Speeding up autism gene discovery via deep multitask learning of data from cohorts of comorbid neurodevelopmental and neuropsychiatric disorders
- Awarded: 2019
- Award Type: Pilot
- Award #: 640935
Computational gene risk prediction methods and network-based analyses are major tools in analyzing large autism spectrum disorder (ASD) datasets based on whole-exome and whole-genome sequencing studies for (i) imputing the insufficient statistical signal and providing a genome-wide risk ranking and (ii) finding out the affected cellular circuitries such as pathways and networks of genes. While they have proven useful, they can benefit from larger cohorts for more precise and sensitive predictions.
One way to increase the cohort size is to use data obtained from cohorts of comorbid neurodevelopmental and psychiatric disorders; such an approach exploits information coming from the underlying shared genetic architecture. Some studies treat all such conditions as the same disorder and bag mutation counts, but this is a crude way of analyzing the data and one loses disorder-specific genetic and phenotypic components.

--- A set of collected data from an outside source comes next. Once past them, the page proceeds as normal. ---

(* Let $V$ be a real vector space of dimension $m\ge3$ with a non-degenerate symmetric inner product of arbitrary signature, and let $R$ be an algebraic curvature tensor on $V$. Then: (1) if $R$ is $k$-stein, then $\operatorname{trace}\{\mathcal{J}_R(x)^k\}=0$ for all $x\in\mathcal{N}$; (2) if $R$ is $m$-stein, then $\mathcal{J}_R(x)$ is nilpotent for all $x\in\mathcal{N}$; (3) if $\operatorname{trace}\{\mathcal{J}_R(x)\}=0$ for all $x\in\mathcal{N}$, then $R$ is Einstein.
   Context: An algebraic curvature tensor is $R\in\otimes^4V^*$ with $R(x,y,z,w)=R(z,w,x,y)=-R(y,x,z,w)$ and $R(x,y,z,w)+R(y,z,x,w)+R(z,x,y,w)=0$. The Jacobi operator is defined by $(\mathcal{J}_R(x)y,w)=R(y,x,x,w)$. The Ricci tensor is $\rho_R(x,y)=\operatorname{trace}\{z\mapsto R(z,x)y\}$, so that $\rho_R(x,x)=\operatorname{trace}\,\mathcal{J}_R(x)$. $R$ is Einstein if there is a constant $c_1$ with $\rho_R(x,y)=c_1(x,y)$ for all $x,y\in V$. $R$ is $k$-stein if there are constants $c_i$ with $\operatorname{trace}\{\mathcal{J}_R(x)^i\}=c_i(x,x)^i$ for all $x\in V$ and $1\le i\le k$. Everything is extended complex-multilinearly to $V_{\mathbb{C}}=V\otimes\mathbb{C}$; $\mathcal{N}=\{v\in V_{\mathbb{C}}:(v,v)=0\}$. A linear map $A$ is nilpotent if $A^m=0$, equivalently $\operatorname{trace}(A^i)=0$ for $1\le i\le m$. *)

From HB Require Import structures.
From mathcomp Require Import all_boot all_order all_algebra.
From mathcomp Require Import reals.
From mathcomp Require Import complex.
Set Implicit Arguments. Unset Strict Implicit. Unset Printing Implicit Defensive.
Import Order.TTheory GRing.Theory Num.Theory.
Local Open Scope ring_scope.

Definition ip {F : comNzRingType} {m : nat} (G : 'M[F]_m) (x y : 'rV[F]_m) : F :=
  (x *m G *m y^T) 0 0.

Definition tensor4 (F : Type) (m : nat) := 'I_m -> 'I_m -> 'I_m -> 'I_m -> F.

Definition Rform {F : comNzRingType} {m : nat} (T : tensor4 F m)
  (x y z w : 'rV[F]_m) : F :=
  \sum_(i < m) \sum_(j < m) \sum_(k < m) \sum_(l < m)
     x 0 i * y 0 j * z 0 k * w 0 l * T i j k l.

Definition is_ACT {F : comNzRingType} {m : nat} (T : tensor4 F m) : Prop :=
  forall x y z w : 'rV[F]_m,
    [/\ Rform T x y z w = Rform T z w x y,
        Rform T x y z w = - Rform T y x z w &
        Rform T x y z w + Rform T y z x w + Rform T z x y w = 0].

(* Jacobi operator: (J(x)y, w) = R(y,x,x,w), i.e. J(x)y = R(y,x)x. *)
Definition jacobi {F : fieldType} {m : nat} (G : 'M[F]_m) (T : tensor4 F m)
  (x : 'rV[F]_m) : 'M[F]_m :=
  (\matrix_(j < m, l < m) Rform T (delta_mx 0 j) x x (delta_mx 0 l)) *m invmx G.

(* Ricci tensor: rho(x,y) = trace { z |-> R(z,x) y }. *)
Definition ricci {F : fieldType} {m : nat} (G : 'M[F]_m) (T : tensor4 F m)
  (x y : 'rV[F]_m) : F :=
  \tr ((\matrix_(i < m, l < m) Rform T (delta_mx 0 i) x y (delta_mx 0 l)) *m invmx G).

Definition einstein {F : fieldType} {m : nat} (G : 'M[F]_m) (T : tensor4 F m) : Prop :=
  exists c1 : F, forall x y : 'rV[F]_m, ricci G T x y = c1 * ip G x y.

Definition k_stein {F : fieldType} {m : nat} (k : nat) (G : 'M[F]_m) (T : tensor4 F m) : Prop :=
  exists c : nat -> F, forall (x : 'rV[F]_m) (i : nat), (1 <= i <= k)%N ->
    \tr (jacobi G T x ^+ i) = c i * ip G x x ^+ i.

Definition nilpotent_mx {F : fieldType} {m : nat} (A : 'M[F]_m) : Prop :=
  exists n : nat, A ^+ n = 0.

Definition cplxT {R : rcfType} {m : nat} (T : tensor4 R m) : tensor4 (complex R) m :=
  fun i j k l => Complex (T i j k l) 0.
Definition cplxG {R : rcfType} {m : nat} (G : 'M[R]_m) : 'M[complex R]_m :=
  map_mx (fun r : R => Complex r 0) G.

In the current project, Ercüment Çiçek and his team propose a novel cross-disorder gene discovery algorithm, which will analyze whole-exome sequencing data from related conditions (including ASD, intellectual disability, schizophrenia and epilepsy) simultaneously and explicitly learn shared and disorder-specific genetic components. Learning the shared architecture will: (i) increase the prediction power for ASD (also, for all other individual disorders) by salvaging samples from others and (ii) advance our understanding of ASD in terms of its comorbidity with other conditions. Moreover, since this method will not treat all disorders as one (i.e., bagging the mutations) and will explicitly learn disorder-specific components as well, it will not suffer from losing important information relevant to each of the individual disorders.